Every line below should be duplicated exactly.

Stored records —
--------

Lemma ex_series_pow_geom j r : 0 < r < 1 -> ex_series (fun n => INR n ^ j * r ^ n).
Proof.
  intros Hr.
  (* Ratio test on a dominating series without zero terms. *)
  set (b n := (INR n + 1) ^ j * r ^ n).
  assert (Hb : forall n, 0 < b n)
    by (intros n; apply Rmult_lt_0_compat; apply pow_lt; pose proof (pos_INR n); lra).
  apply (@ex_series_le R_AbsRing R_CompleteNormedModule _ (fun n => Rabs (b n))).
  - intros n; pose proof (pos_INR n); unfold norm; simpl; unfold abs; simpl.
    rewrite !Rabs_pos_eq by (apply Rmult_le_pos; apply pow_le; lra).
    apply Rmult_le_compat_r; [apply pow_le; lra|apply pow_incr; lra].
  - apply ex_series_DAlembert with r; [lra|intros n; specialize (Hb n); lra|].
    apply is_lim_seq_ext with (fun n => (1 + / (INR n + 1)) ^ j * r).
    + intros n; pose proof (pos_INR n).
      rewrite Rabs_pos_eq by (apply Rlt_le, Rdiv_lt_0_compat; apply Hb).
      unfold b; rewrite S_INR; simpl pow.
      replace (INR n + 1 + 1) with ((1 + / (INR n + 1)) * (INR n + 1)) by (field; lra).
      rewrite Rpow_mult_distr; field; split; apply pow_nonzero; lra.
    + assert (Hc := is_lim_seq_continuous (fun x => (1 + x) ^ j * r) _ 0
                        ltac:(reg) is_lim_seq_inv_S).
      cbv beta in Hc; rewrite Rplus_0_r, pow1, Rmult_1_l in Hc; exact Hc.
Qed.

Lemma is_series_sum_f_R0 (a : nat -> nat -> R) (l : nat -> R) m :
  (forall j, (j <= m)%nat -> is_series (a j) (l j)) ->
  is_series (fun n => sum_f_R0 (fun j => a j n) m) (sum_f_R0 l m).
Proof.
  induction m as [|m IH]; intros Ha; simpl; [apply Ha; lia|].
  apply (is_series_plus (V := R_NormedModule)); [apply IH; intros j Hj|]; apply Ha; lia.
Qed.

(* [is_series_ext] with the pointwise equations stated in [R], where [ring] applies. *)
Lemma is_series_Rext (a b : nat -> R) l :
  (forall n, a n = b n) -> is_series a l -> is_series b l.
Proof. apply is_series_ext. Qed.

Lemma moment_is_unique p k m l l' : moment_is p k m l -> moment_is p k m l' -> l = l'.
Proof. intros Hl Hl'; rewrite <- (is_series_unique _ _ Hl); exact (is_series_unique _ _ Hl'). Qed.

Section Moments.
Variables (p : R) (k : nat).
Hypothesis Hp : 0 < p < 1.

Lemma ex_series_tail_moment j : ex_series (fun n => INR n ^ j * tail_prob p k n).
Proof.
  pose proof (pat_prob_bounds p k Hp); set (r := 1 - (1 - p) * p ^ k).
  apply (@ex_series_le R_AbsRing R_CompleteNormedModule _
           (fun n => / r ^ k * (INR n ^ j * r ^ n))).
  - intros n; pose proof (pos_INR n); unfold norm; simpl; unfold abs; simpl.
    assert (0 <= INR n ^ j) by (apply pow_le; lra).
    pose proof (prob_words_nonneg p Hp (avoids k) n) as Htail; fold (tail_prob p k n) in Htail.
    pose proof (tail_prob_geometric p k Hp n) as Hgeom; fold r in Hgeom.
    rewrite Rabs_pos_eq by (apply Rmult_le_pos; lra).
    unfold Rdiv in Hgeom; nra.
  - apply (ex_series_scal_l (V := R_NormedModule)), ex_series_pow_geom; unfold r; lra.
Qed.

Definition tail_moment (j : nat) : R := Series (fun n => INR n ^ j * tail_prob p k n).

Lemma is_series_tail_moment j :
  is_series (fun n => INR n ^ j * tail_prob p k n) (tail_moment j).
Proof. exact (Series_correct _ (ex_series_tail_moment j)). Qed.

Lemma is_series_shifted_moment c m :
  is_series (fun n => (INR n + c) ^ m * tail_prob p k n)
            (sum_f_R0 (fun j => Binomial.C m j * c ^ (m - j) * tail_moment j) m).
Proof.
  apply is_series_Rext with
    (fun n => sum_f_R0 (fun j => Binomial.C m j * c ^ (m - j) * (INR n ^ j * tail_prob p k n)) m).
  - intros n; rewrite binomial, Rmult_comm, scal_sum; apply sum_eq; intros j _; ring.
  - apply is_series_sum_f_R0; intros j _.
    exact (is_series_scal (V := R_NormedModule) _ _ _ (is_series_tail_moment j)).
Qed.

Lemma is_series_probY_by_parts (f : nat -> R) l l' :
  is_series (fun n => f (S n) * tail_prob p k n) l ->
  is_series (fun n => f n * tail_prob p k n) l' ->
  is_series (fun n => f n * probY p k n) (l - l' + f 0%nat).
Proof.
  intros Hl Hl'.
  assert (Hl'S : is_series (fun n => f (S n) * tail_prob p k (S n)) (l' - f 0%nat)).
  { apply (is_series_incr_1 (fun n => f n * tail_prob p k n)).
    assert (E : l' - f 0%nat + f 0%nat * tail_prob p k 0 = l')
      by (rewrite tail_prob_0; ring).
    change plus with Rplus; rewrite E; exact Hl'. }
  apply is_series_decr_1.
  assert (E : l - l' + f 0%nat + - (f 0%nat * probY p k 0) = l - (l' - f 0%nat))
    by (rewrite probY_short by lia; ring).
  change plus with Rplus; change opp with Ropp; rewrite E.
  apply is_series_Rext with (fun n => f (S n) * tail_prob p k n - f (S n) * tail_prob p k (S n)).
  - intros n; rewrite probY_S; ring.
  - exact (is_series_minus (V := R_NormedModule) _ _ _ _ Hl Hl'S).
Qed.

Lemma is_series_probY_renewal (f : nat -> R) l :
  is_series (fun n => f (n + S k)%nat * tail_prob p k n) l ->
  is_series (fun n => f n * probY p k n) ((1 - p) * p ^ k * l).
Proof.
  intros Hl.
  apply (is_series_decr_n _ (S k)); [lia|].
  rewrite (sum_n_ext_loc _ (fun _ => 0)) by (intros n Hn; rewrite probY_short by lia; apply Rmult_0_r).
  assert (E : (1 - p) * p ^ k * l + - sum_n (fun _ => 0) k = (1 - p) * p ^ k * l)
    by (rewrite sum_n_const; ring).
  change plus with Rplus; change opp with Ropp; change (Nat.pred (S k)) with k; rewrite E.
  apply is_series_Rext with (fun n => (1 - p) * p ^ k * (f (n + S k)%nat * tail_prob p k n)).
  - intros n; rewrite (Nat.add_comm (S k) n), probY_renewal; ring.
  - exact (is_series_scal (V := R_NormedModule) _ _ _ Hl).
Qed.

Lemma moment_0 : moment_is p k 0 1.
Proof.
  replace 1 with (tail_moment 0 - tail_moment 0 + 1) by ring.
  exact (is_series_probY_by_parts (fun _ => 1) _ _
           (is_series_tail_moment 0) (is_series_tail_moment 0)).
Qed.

--------

Finished exercise —
Lemma ex_series_pow_geom j r : 0 < r < 1 -> ex_series (fun n => INR n ^ j * r ^ n).
Proof.
  intros Hr.
  (* Ratio test on a dominating series without zero terms. *)
  set (b n := (INR n + 1) ^ j * r ^ n).
  assert (Hb : forall n, 0 < b n)
    by (intros n; apply Rmult_lt_0_compat; apply pow_lt; pose proof (pos_INR n); lra).
  apply (@ex_series_le R_AbsRing R_CompleteNormedModule _ (fun n => Rabs (b n))).
  - intros n; pose proof (pos_INR n); unfold norm; simpl; unfold abs; simpl.
    rewrite !Rabs_pos_eq by (apply Rmult_le_pos; apply pow_le; lra).
    apply Rmult_le_compat_r; [apply pow_le; lra|apply pow_incr; lra].
  - apply ex_series_DAlembert with r; [lra|intros n; specialize (Hb n); lra|].
    apply is_lim_seq_ext with (fun n => (1 + / (INR n + 1)) ^ j * r).
    + intros n; pose proof (pos_INR n).
      rewrite Rabs_pos_eq by (apply Rlt_le, Rdiv_lt_0_compat; apply Hb).
      unfold b; rewrite S_INR; simpl pow.
      replace (INR n + 1 + 1) with ((1 + / (INR n + 1)) * (INR n + 1)) by (field; lra).
      rewrite Rpow_mult_distr; field; split; apply pow_nonzero; lra.
    + assert (Hc := is_lim_seq_continuous (fun x => (1 + x) ^ j * r) _ 0
                        ltac:(reg) is_lim_seq_inv_S).
      cbv beta in Hc; rewrite Rplus_0_r, pow1, Rmult_1_l in Hc; exact Hc.
Qed.

Lemma is_series_sum_f_R0 (a : nat -> nat -> R) (l : nat -> R) m :
  (forall j, (j <= m)%nat -> is_series (a j) (l j)) ->
  is_series (fun n => sum_f_R0 (fun j => a j n) m) (sum_f_R0 l m).
Proof.
  induction m as [|m IH]; intros Ha; simpl; [apply Ha; lia|].
  apply (is_series_plus (V := R_NormedModule)); [apply IH; intros j Hj|]; apply Ha; lia.
Qed.

(* [is_series_ext] with the pointwise equations stated in [R], where [ring] applies. *)
Lemma is_series_Rext (a b : nat -> R) l :
  (forall n, a n = b n) -> is_series a l -> is_series b l.
Proof. apply is_series_ext. Qed.

Lemma moment_is_unique p k m l l' : moment_is p k m l -> moment_is p k m l' -> l = l'.
Proof. intros Hl Hl'; rewrite <- (is_series_unique _ _ Hl); exact (is_series_unique _ _ Hl'). Qed.

Section Moments.
Variables (p : R) (k : nat).
Hypothesis Hp : 0 < p < 1.

Lemma ex_series_tail_moment j : ex_series (fun n => INR n ^ j * tail_prob p k n).
Proof.
  pose proof (pat_prob_bounds p k Hp); set (r := 1 - (1 - p) * p ^ k).
  apply (@ex_series_le R_AbsRing R_CompleteNormedModule _
           (fun n => / r ^ k * (INR n ^ j * r ^ n))).
  - intros n; pose proof (pos_INR n); unfold norm; simpl; unfold abs; simpl.
    assert (0 <= INR n ^ j) by (apply pow_le; lra).
    pose proof (prob_words_nonneg p Hp (avoids k) n) as Htail; fold (tail_prob p k n) in Htail.
    pose proof (tail_prob_geometric p k Hp n) as Hgeom; fold r in Hgeom.
    rewrite Rabs_pos_eq by (apply Rmult_le_pos; lra).
    unfold Rdiv in Hgeom; nra.
  - apply (ex_series_scal_l (V := R_NormedModule)), ex_series_pow_geom; unfold r; lra.
Qed.

Definition tail_moment (j : nat) : R := Series (fun n => INR n ^ j * tail_prob p k n).

Lemma is_series_tail_moment j :
  is_series (fun n => INR n ^ j * tail_prob p k n) (tail_moment j).
Proof. exact (Series_correct _ (ex_series_tail_moment j)). Qed.

Lemma is_series_shifted_moment c m :
  is_series (fun n => (INR n + c) ^ m * tail_prob p k n)
            (sum_f_R0 (fun j => Binomial.C m j * c ^ (m - j) * tail_moment j) m).
Proof.
  apply is_series_Rext with
    (fun n => sum_f_R0 (fun j => Binomial.C m j * c ^ (m - j) * (INR n ^ j * tail_prob p k n)) m).
  - intros n; rewrite binomial, Rmult_comm, scal_sum; apply sum_eq; intros j _; ring.
  - apply is_series_sum_f_R0; intros j _.
    exact (is_series_scal (V := R_NormedModule) _ _ _ (is_series_tail_moment j)).
Qed.

Lemma is_series_probY_by_parts (f : nat -> R) l l' :
  is_series (fun n => f (S n) * tail_prob p k n) l ->
  is_series (fun n => f n * tail_prob p k n) l' ->
  is_series (fun n => f n * probY p k n) (l - l' + f 0%nat).
Proof.
  intros Hl Hl'.
  assert (Hl'S : is_series (fun n => f (S n) * tail_prob p k (S n)) (l' - f 0%nat)).
  { apply (is_series_incr_1 (fun n => f n * tail_prob p k n)).
    assert (E : l' - f 0%nat + f 0%nat * tail_prob p k 0 = l')
      by (rewrite tail_prob_0; ring).
    change plus with Rplus; rewrite E; exact Hl'. }
  apply is_series_decr_1.
  assert (E : l - l' + f 0%nat + - (f 0%nat * probY p k 0) = l - (l' - f 0%nat))
    by (rewrite probY_short by lia; ring).
  change plus with Rplus; change opp with Ropp; rewrite E.
  apply is_series_Rext with (fun n => f (S n) * tail_prob p k n - f (S n) * tail_prob p k (S n)).
  - intros n; rewrite probY_S; ring.
  - exact (is_series_minus (V := R_NormedModule) _ _ _ _ Hl Hl'S).
Qed.

Lemma is_series_probY_renewal (f : nat -> R) l :
  is_series (fun n => f (n + S k)%nat * tail_prob p k n) l ->
  is_series (fun n => f n * probY p k n) ((1 - p) * p ^ k * l).
Proof.
  intros Hl.
  apply (is_series_decr_n _ (S k)); [lia|].
  rewrite (sum_n_ext_loc _ (fun _ => 0)) by (intros n Hn; rewrite probY_short by lia; apply Rmult_0_r).
  assert (E : (1 - p) * p ^ k * l + - sum_n (fun _ => 0) k = (1 - p) * p ^ k * l)
    by (rewrite sum_n_const; ring).
  change plus with Rplus; change opp with Ropp; change (Nat.pred (S k)) with k; rewrite E.
  apply is_series_Rext with (fun n => (1 - p) * p ^ k * (f (n + S k)%nat * tail_prob p k n)).
  - intros n; rewrite (Nat.add_comm (S k) n), probY_renewal; ring.
  - exact (is_series_scal (V := R_NormedModule) _ _ _ Hl).
Qed.

Lemma moment_0 : moment_is p k 0 1.
Proof.
  replace 1 with (tail_moment 0 - tail_moment 0 + 1) by ring.
  exact (is_series_probY_by_parts (fun _ => 1) _ _
           (is_series_tail_moment 0) (is_series_tail_moment 0)).
Qed.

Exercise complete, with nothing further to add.